If so, is really doesn’t matter.
Surely you would want to take advantage of any similar possible 20% bounce?
10-15% jump from the lows is already in the price…maybe $50 WTI, but I doubt it goes to $60 as many pundits have ben sugesting.
Even if this is destined to be another left translated 3 year cycle I still want to see a rally strong enough to be clearly identified on a multi-year chart. I think we can all agree that we aren’t even vaguely close to that yet.
At the very least we should see a 38% – 50% Fibonacci retracement.
metals to resume downtrend
Looks like stocks may have finally topped and commodities may have finally bottomed as well. If we see hyperinflation, then they both could still go higher from present levels though.

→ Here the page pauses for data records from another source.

(* For every integer $t\ge1$, $C_5[E_{2t-1}]\rightarrow(K_{t,t},K_{t,t})^v$; consequently $F_v(K_{t,t},K_{t,t};3)\le 10t-5$.
   Context: All graphs are finite and simple. $E_s$ is the edgeless graph on $s$ vertices, $C_5$ the 5-cycle, $K_{t,t}$ the complete bipartite graph with parts of size $t$. The lexicographic product $G[H]$ has vertex set $V(G)\times V(H)$, with $\{(u_1,v_1),(u_2,v_2)\}$ an edge iff $\{u_1,u_2\}\in E(G)$, or $u_1=u_2$ and $\{v_1,v_2\}\in E(H)$. ''A graph $F$ contains $H$'' means $F$ has a (not necessarily induced) subgraph isomorphic to $H$. $G\rightarrow(H_1,H_2)^v$ means: for every partition $V(G)=X_1\cup X_2$ there is $i$ such that the subgraph induced by $X_i$ contains $H_i$. $F_v(H_1,H_2;k)$ is the minimum number of vertices of a $K_k$-free graph $G$ with $G\rightarrow(H_1,H_2)^v$. *)

From mathcomp Require Import all_boot.
Set Implicit Arguments. Unset Strict Implicit. Unset Printing Implicit Defensive.

Record sgraph := SGraph {
  vert :> finType;
  adj : rel vert;
  adj_sym : symmetric adj;
  adj_irr : irreflexive adj }.

Definition contains_in (F : sgraph) (X : {set F}) (H : sgraph) : Prop :=
  exists f : H -> F, injective f /\ (forall x, f x \in X) /\
    (forall x y, adj x y -> adj (f x) (f y)).

Definition contains (F H : sgraph) : Prop := contains_in [set: F] H.

Definition varrows (G H1 H2 : sgraph) : Prop :=
  forall X : {set G}, contains_in X H1 \/ contains_in (~: X) H2.

Lemma K_sym k : symmetric (fun i j : 'I_k => i != j).
Proof. by move=> i j; rewrite eq_sym. Qed.
Lemma K_irr k : irreflexive (fun i j : 'I_k => i != j).
Proof. by move=> i; rewrite eqxx. Qed.
Definition Kn (k : nat) : sgraph := SGraph (@K_sym k) (@K_irr k).

Lemma E_sym s : symmetric (fun i j : 'I_s => false). Proof. by []. Qed.
Lemma E_irr s : irreflexive (fun i j : 'I_s => false). Proof. by []. Qed.
Definition En (s : nat) : sgraph := SGraph (@E_sym s) (@E_irr s).

Definition C5adj (i j : 'I_5) : bool :=
  (j == (i.+1 %% 5) :> nat) || (i == (j.+1 %% 5) :> nat).
Lemma C5_sym : symmetric C5adj. Proof. by move=> i j; rewrite /C5adj orbC. Qed.
Lemma C5_irr : irreflexive C5adj. Proof. by case=> [[|[|[|[|[|]]]]] ?]. Qed.
Definition C5 : sgraph := SGraph C5_sym C5_irr.

Definition Kttadj t (x y : bool * 'I_t) : bool := x.1 != y.1.
Lemma Ktt_sym t : symmetric (@Kttadj t). Proof. by move=> x y; rewrite /Kttadj eq_sym. Qed.
Lemma Ktt_irr t : irreflexive (@Kttadj t). Proof. by move=> x; rewrite /Kttadj eqxx. Qed.
Definition Ktt (t : nat) : sgraph := SGraph (@Ktt_sym t) (@Ktt_irr t).

Definition lexadj (G H : sgraph) (x y : G * H) : bool :=
  adj x.1 y.1 || ((x.1 == y.1) && adj x.2 y.2).
Lemma lex_sym G H : symmetric (@lexadj G H).
Proof. by move=> x y; rewrite /lexadj adj_sym [y.1 == _]eq_sym [adj y.2 _]adj_sym. Qed.
Lemma lex_irr G H : irreflexive (@lexadj G H).
Proof. by move=> x; rewrite /lexadj !adj_irr andbF. Qed.
Definition lexprod (G H : sgraph) : sgraph := SGraph (@lex_sym G H) (@lex_irr G H).

(* "F_v(H1,H2;k) <= n": some K_k-free graph on at most n vertices arrows (H1,H2)^v
   (equivalent to min <= n). *)
Definition Fv_le (H1 H2 : sgraph) (k n : nat) : Prop :=
  exists G : sgraph, #|G| <= n /\ ~ contains G (Kn k) /\ varrows G H1 H2.

From mathcomp Require Import all_boot.
From mathcomp Require Import zify.

Set Implicit Arguments. Unset Strict Implicit. Unset Printing Implicit Defensive.

(* Given X in a lexicographic product G[H], colour each vertex u of G by whether the fibre of X over u has at least t
   elements. Since G has no proper 2-colouring, some edge uv is monochromatic:
   either both fibres over u and v meet X in t vertices, or (as a fibre has
   2t-1 vertices) both meet the complement of X in t vertices. Two such
   t-sets over adjacent vertices span a K_{t,t}. With G = C_5 the product
   G[E_{2t-1}] has 5(2t-1) vertices and is triangle-free, because C_5 is. *)

Definition not_2colourable (G : sgraph) : Prop :=
  forall c : G -> bool, exists u v : G, adj u v && (c u == c v).

Definition triangle_free (G : sgraph) : Prop :=
  forall a b c : G, adj a b -> adj b c -> adj a c -> False.

Definition fibre (G H : sgraph) (Y : {set lexprod G H}) (u : G) : {set H} :=
  [set y | ((u, y) : lexprod G H) \in Y].

Lemma fibreC (G H : sgraph) (Y : {set lexprod G H}) (u : G) :
  fibre (~: Y) u = ~: fibre Y u.
Proof. by apply/setP => y; rewrite !inE. Qed.

Lemma exists_inj_ord_in (T : finType) (A : {set T}) (t : nat) : t <= #|A| ->
  exists g : 'I_t -> T, injective g /\ forall k, g k \in A.
Proof.
move=> tA; exists (fun k => enum_val (widen_ord tA k)); split.
  by move=> x y /enum_val_inj /(congr1 val) xy; apply: val_inj.
by move=> k; apply: enum_valP.
Qed.

Lemma leq_cardsC (T : finType) (A : {set T}) (t : nat) :
  #|A| < t -> 2 * t <= #|T| + 1 -> t <= #|~: A|.
Proof. by have := cardsC A; lia. Qed.

Lemma contains_Ktt_adjacent_fibres (G H : sgraph) (Y : {set lexprod G H})
    (u v : G) (t : nat) :
  adj u v -> t <= #|fibre Y u| -> t <= #|fibre Y v| -> contains_in Y (Ktt t).
Proof.
move=> uv /exists_inj_ord_in [g [g_inj gY]] /exists_inj_ord_in [h [h_inj hY]].
have vu : v != u by apply: contraTneq uv => ->; rewrite adj_irr.
exists (fun x : bool * 'I_t =>
  if x.1 then ((v, h x.2) : lexprod G H) else (u, g x.2)).
split; last split.
- move=> [[] x] [[] y] /= [].
  + by move=> /h_inj ->.
  + by move=> /eqP; rewrite (negPf vu).
  + by move=> /eqP; rewrite eq_sym (negPf vu).
  + by move=> /g_inj ->.
- by move=> [[] x] /=; [have := hY x | have := gY x]; rewrite inE.
- by move=> [[] x] [[] y] //= _; rewrite /lexadj /= ?uv // adj_sym uv.
Qed.

Lemma lexprod_varrows_Ktt (G H : sgraph) (t : nat) :
  not_2colourable G -> 2 * t <= #|H| + 1 ->
  varrows (lexprod G H) (Ktt t) (Ktt t).
Proof.
move=> G_odd H_big X.
have [u [v /andP [uv /eqP same_colour]]] := G_odd (fun w => t <= #|fibre X w|).
case: (leqP t #|fibre X u|) => Xu.
  by left; apply: (contains_Ktt_adjacent_fibres uv); rewrite -?same_colour.
have Xv : #|fibre X v| < t by rewrite ltnNge -same_colour -ltnNge.
by right; apply: (contains_Ktt_adjacent_fibres uv); rewrite fibreC leq_cardsC.
Qed.

Lemma triangle_free_K3_free (G : sgraph) :
  triangle_free G -> ~ contains G (Kn 3).
Proof.
move=> G_tri [f [_ [_ f_adj]]].
exact: (G_tri _ _ _ (f_adj (@Ordinal 3 0 isT) (@Ordinal 3 1 isT) isT)
  (f_adj (@Ordinal 3 1 isT) (@Ordinal 3 2 isT) isT)
  (f_adj (@Ordinal 3 0 isT) (@Ordinal 3 2 isT) isT)).
Qed.

Lemma triangle_free_lexprod_En (G : sgraph) (s : nat) :
  triangle_free G -> triangle_free (lexprod G (En s)).
Proof. by move=> G_tri a b c; rewrite /= /lexadj /= !andbF !orbF; apply: G_tri. Qed.

Lemma C5adj_ordS (i : 'I_5) : C5adj i (ordS i).
Proof. by rewrite /C5adj eqxx. Qed.

(* A proper 2-colouring would flip colour five times around the cycle. *)
Lemma C5_not_2colourable : not_2colourable C5.
Proof.
move=> c; have [i c_i|alt] := pickP (fun i => c i == c (ordS i)).
  by exists i, (ordS i); rewrite c_i andbT; apply: C5adj_ordS.
have flip i : c (ordS i) = ~~ c i.
  by have := alt i; case: (c i); case: (c (ordS i)).
have cycle5 : iter 5 (@ordS 5) ord0 = ord0 by apply: val_inj.
by have := congr1 c cycle5; rewrite /= !flip; case: (c ord0).
Qed.

Lemma C5_triangle_free : triangle_free C5.
Proof.
by case=> [[|[|[|[|[|a]]]]] ?] //; case=> [[|[|[|[|[|b]]]]] ?] //;
  case=> [[|[|[|[|[|c]]]]] ?].
Qed.

Theorem mainTheorem8 (t : nat) : 1 <= t ->
  varrows (lexprod C5 (En (2 * t - 1))) (Ktt t) (Ktt t) /\
  Fv_le (Ktt t) (Ktt t) 3 (10 * t - 5).
Proof.
move=> t_pos.
have arrows : varrows (lexprod C5 (En (2 * t - 1))) (Ktt t) (Ktt t).
  by apply: lexprod_varrows_Ktt C5_not_2colourable _; rewrite card_ord; lia.
split=> //; exists (lexprod C5 (En (2 * t - 1))); split; last split=> //.
  by rewrite card_prod !card_ord; lia.
exact/triangle_free_K3_free/triangle_free_lexprod_En/C5_triangle_free.
Qed.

The CRB may have bottomed but without robust growth in the economies of the world, I can’t see strong and sustainable commodity markets for years to come. I am a retired baby boomer and it is a surprise, even to me, how much I have cut back on my spending even though most would say that my finances appear adequate. I now see the US FED’s interest rate policies and inflation as the biggest threats to those who have retired and who believe that they saved enough. Deflation is a cruel joke thrown around by out of touch economists and academics . There is no deflation what so ever at my grocery store. The US FED and it’s antics have scared me as their desperation becomes more obvious every time one of FED members opens their mouth with soothing words. I am plenty worried and seek opportunities to cut back further on the spending . The wife and I have agreed to stop buying one another birthday and Christmas gifts. This scenario is being played out among the millions of baby boomers that are no longer driving the economy of most developed countries. In fact, we are becoming much like a boat anchor that is preventing the economy.to move forward.
The Fed has made gamblers out of everyone with money that used to be in CDs , Money Market Funds, Treasuries, etc. Dividend Paying Stocks, Junk Bonds and Active Trading are the replacement for CDS , MMF & USTs.
…and going further out in the yield curve as well.
Oil resistance 50, 53 AND LOOKS LIKE MAJOR RESISTANCE AT 60.